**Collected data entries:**
★ ★ ★ ★ ★

(* Every unit of $A(n,d,\underline{q})$ is of the form $\gamma h_1^{m_1}\cdots h_n^{m_n}$ with $\gamma\in\Bbbk^*$ and $m_1,\ldots,m_n\in\mathbb{Z}$.
   Context: Let $\Bbbk$ be a field, $n,d$ positive integers, and $\underline{q}=(q_1,\ldots,q_n)\in(\Bbbk^* )^n$ with $q_i^d\neq1$ for all $i$. Write $a_d(X)=X^d-1$. The algebra $A(n,d,\underline{q})$ is the $\Bbbk$-algebra generated by $x_i,y_i,h_i,h_i^{-1}$ ($1\le i\le n$) subject to the relations $h_ih_i^{-1}=h_i^{-1}h_i=1$, $x_ih_i=q_ih_ix_i$, $y_ih_i=q_i^{-1}h_iy_i$, $x_iy_i=a_d(q_ih_i)=(q_ih_i)^d-1$, $y_ix_i=a_d(h_i)=h_i^d-1$, and, for $i\neq j$, each of $h_i^{\pm1},x_i,y_i$ commutes with each of $h_j^{\pm1},x_j,y_j$. (Equivalently, it is the tensor product over $\Bbbk$ of the generalized Weyl algebras $\Bbbk[h_i^{\pm1}](\sigma_i,h_i^d-1)$ with $\sigma_i(h_i)=q_ih_i$.) *)

From HB Require Import structures.
From mathcomp Require Import all_boot all_order all_algebra.
Set Implicit Arguments. Unset Strict Implicit. Unset Printing Implicit Defensive.
Import Order.TTheory GRing.Theory Num.Theory.
Local Open Scope ring_scope.

Definition alg_hom (k : fieldType) (A B : algType k) (f : A -> B) : Prop :=
  [/\ f 1 = 1,
      forall a b, f (a + b) = f a + f b,
      forall a b, f (a * b) = f a * f b &
      forall (c : k) a, f (c *: a) = c *: f a].

(* The defining relations of A(n,d,q) for elements x,y,h,hi (hi = h^{-1})
   of a k-algebra B; a_d(X) = X^d - 1. *)
Definition Arels (k : fieldType) (n d : nat) (q : 'I_n -> k) (B : algType k)
    (x y h hi : 'I_n -> B) : Prop :=
  (forall i, h i * hi i = 1 /\ hi i * h i = 1) /\
  [/\ (forall i, x i * h i = (q i *: h i) * x i),
      (forall i, y i * h i = ((q i)^-1 *: h i) * y i),
      (forall i, x i * y i = (q i *: h i) ^+ d - 1),
      (forall i, y i * x i = (h i) ^+ d - 1) &
      (forall i j, i != j ->
         forall a b, a \in [:: h i; hi i; x i; y i] ->
                     b \in [:: h j; hi j; x j; y j] -> a * b = b * a)].

(* A (with x,y,h,hi) is the k-algebra presented by generators x_i,y_i,h_i,h_i^{-1}
   and the relations above: the relations hold, and (A,x,y,h,hi) satisfies the
   universal property of the presented algebra. *)
Definition is_A (k : fieldType) (n d : nat) (q : 'I_n -> k) (A : algType k)
    (x y h hi : 'I_n -> A) : Prop :=
  [/\ Arels d q x y h hi,
      (forall (B : algType k) (x' y' h' hi' : 'I_n -> B),
          Arels d q x' y' h' hi' ->
          exists f : A -> B, alg_hom f /\
            forall i, [/\ f (x i) = x' i, f (y i) = y' i,
                          f (h i) = h' i & f (hi i) = hi' i]) &
      (forall (B : algType k) (f g : A -> B), alg_hom f -> alg_hom g ->
          (forall i, [/\ f (x i) = g (x i), f (y i) = g (y i),
                         f (h i) = g (h i) & f (hi i) = g (hi i)]) ->
          forall a, f a = g a)].

Definition ipow (k : fieldType) (A : algType k) (h hi : A) (m : int) : A :=
  match m with
  | Posz p => h ^+ p
  | Negz p => hi ^+ p.+1
  end.

From HB Require Import structures.
From mathcomp Require Import all_boot all_order all_algebra.
From mathcomp Require Import boolp ring zify.
Import Order.TTheory GRing.Theory Num.Theory.
Set Implicit Arguments. Unset Strict Implicit. Unset Printing Implicit Defensive.
Local Open Scope ring_scope.

(* The relations let A act on functions Z^n x Z^n -> k: x_i, h_i and h_i^-1
   act by twisted shifts and y_i by a combination of two of them, so the
   universal property gives a morphism [rep] from A to the span of twisted
   shifts, a quantum torus over the group Z^2n.  Ordering Z^2n
   lexicographically, lowest and highest terms multiply in the quantum torus,
   so its units are multiples of single shifts.  On the other side A is
   spanned by the monomials x^a h^m (where x_i^-p stands for y_i^p), and [rep]
   sends x^a h^m to shifts supported in {a} x [m, m + d a^-] (a^- the
   negative part of a), with nonzero
   coefficients at both corners.  Comparing extremal terms, an element whose
   image is a single shift is a multiple of one monomial with a >= 0; for a
   unit and its inverse these exponents add up to 0, so both are 0. *)

Section BigRegroup.
Variables (R : pzRingType) (T : eqType) (M : lmodType R).

Definition listcoef (l : seq (R * T)) (s : T) : R := \sum_(p <- l | p.2 == s) p.1.

Lemma listcoef_notin l s : s \notin map snd l -> listcoef l s = 0.
Proof.
move=> sl; rewrite /listcoef big1_seq // => p /andP [/eqP ps pl].
by move: sl; rewrite -ps map_f.
Qed.

Lemma big_scale_undup (G : T -> M) (l : seq (R * T)) :
  \sum_(p <- l) p.1 *: G p.2 = \sum_(s <- undup (map snd l)) listcoef l s *: G s.
Proof.
elim: l => [|p l IH]; first by rewrite !big_nil.
rewrite big_cons IH /= /listcoef.
have cons_coef s : \sum_(p0 <- p :: l | p0.2 == s) p0.1 =
    (if p.2 == s then p.1 else 0) + \sum_(p0 <- l | p0.2 == s) p0.1.
  by rewrite big_cons; case: ifP; rewrite ?add0r.
case: ifP => pl.
  under [in RHS]eq_bigr do rewrite cons_coef scalerDl.
  rewrite big_split /=; congr (_ + _).
  rewrite (bigD1_seq p.2) ?mem_undup ?undup_uniq //= eqxx big1 ?addr0 //.
  by move=> s; rewrite eq_sym => /negbTE ->; rewrite scale0r.
rewrite big_cons cons_coef eqxx -/(listcoef l p.2) listcoef_notin ?pl // addr0.
congr (_ + _); apply: eq_big_seq => s; rewrite mem_undup => sl; rewrite cons_coef.
by case: eqP => [ps|_]; [move: pl; rewrite ps sl | rewrite add0r].
Qed.

End BigRegroup.

Lemma mulr_prod_at (I : eqType) (R : pzRingType) (g : R) j (G : I -> R)
    (r : seq I) : uniq r -> j \in r -> (forall i, i != j -> GRing.comm g (G i)) ->
  g * \prod_(i <- r) G i = \prod_(i <- r) (if i == j then g * G i else G i).
Proof.
move=> + + cG; elim: r => [//|i r IH] /= /andP [ir ur] jr.
rewrite !big_cons; case: (eqVneq i j) => [<-|ij].
  rewrite mulrA; congr (_ * _); apply: eq_big_seq => l lr.
  by case: eqP => // li; move: ir; rewrite -li lr.
move: jr; rewrite inE eq_sym (negbTE ij) /= => jr.
by rewrite mulrA (cG _ ij) -mulrA IH.
Qed.

Lemma prod_at_lin2 (I : eqType) (K : pzRingType) (R : algType K) j (r : seq I)
    (G : I -> R) c1 c2 (P1 P2 : R) : uniq r -> j \in r ->
  \prod_(i <- r) (if i == j then c1 *: P1 + c2 *: P2 else G i) =
  c1 *: \prod_(i <- r) (if i == j then P1 else G i) +
  c2 *: \prod_(i <- r) (if i == j then P2 else G i).
Proof.
elim: r => [//|i r IH] /= /andP [ir ur] jr.
rewrite !big_cons; case: (eqVneq i j) => [ij|ij].
  subst i; rewrite mulrDl -!scalerAl.
  have off P : \prod_(l <- r) (if l == j then P else G l) = \prod_(l <- r) G l.
    apply: eq_big_seq => l lr.
    by case: eqP => // lj; move: ir; rewrite -lj lr.
  by rewrite !off.
move: jr; rewrite inE eq_sym (negbTE ij) /= => jr.
by rewrite IH // mulrDr -!scalerAr.
Qed.

Lemma seq_ex_min_key (T : eqType) disp (O : orderType disp) (key : T -> O)
    (S : seq T) : S != [::] ->
  exists2 m, m \in S & forall s, s \in S -> (key m <= key s)%O.
Proof.
elim: S => [//|a S IH] _.
have [->|SN] := eqVneq S [::].
  by exists a; rewrite ?mem_seq1 // => s; rewrite mem_seq1 => /eqP ->.
have [m mS minm] := IH SN.
have [am|ma] := leP (key a) (key m).
  exists a; rewrite ?inE ?eqxx // => s; rewrite inE => /orP [/eqP ->//|/minm].
  exact: le_trans.
exists m; rewrite ?inE ?mS ?orbT // => s; rewrite inE => /orP [/eqP ->|/minm //].
exact: ltW.
Qed.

★ ★ ★ ★ ★

Check each line of the data for the word "eqxx", then state only how many lines hold it.

**Response below:** 3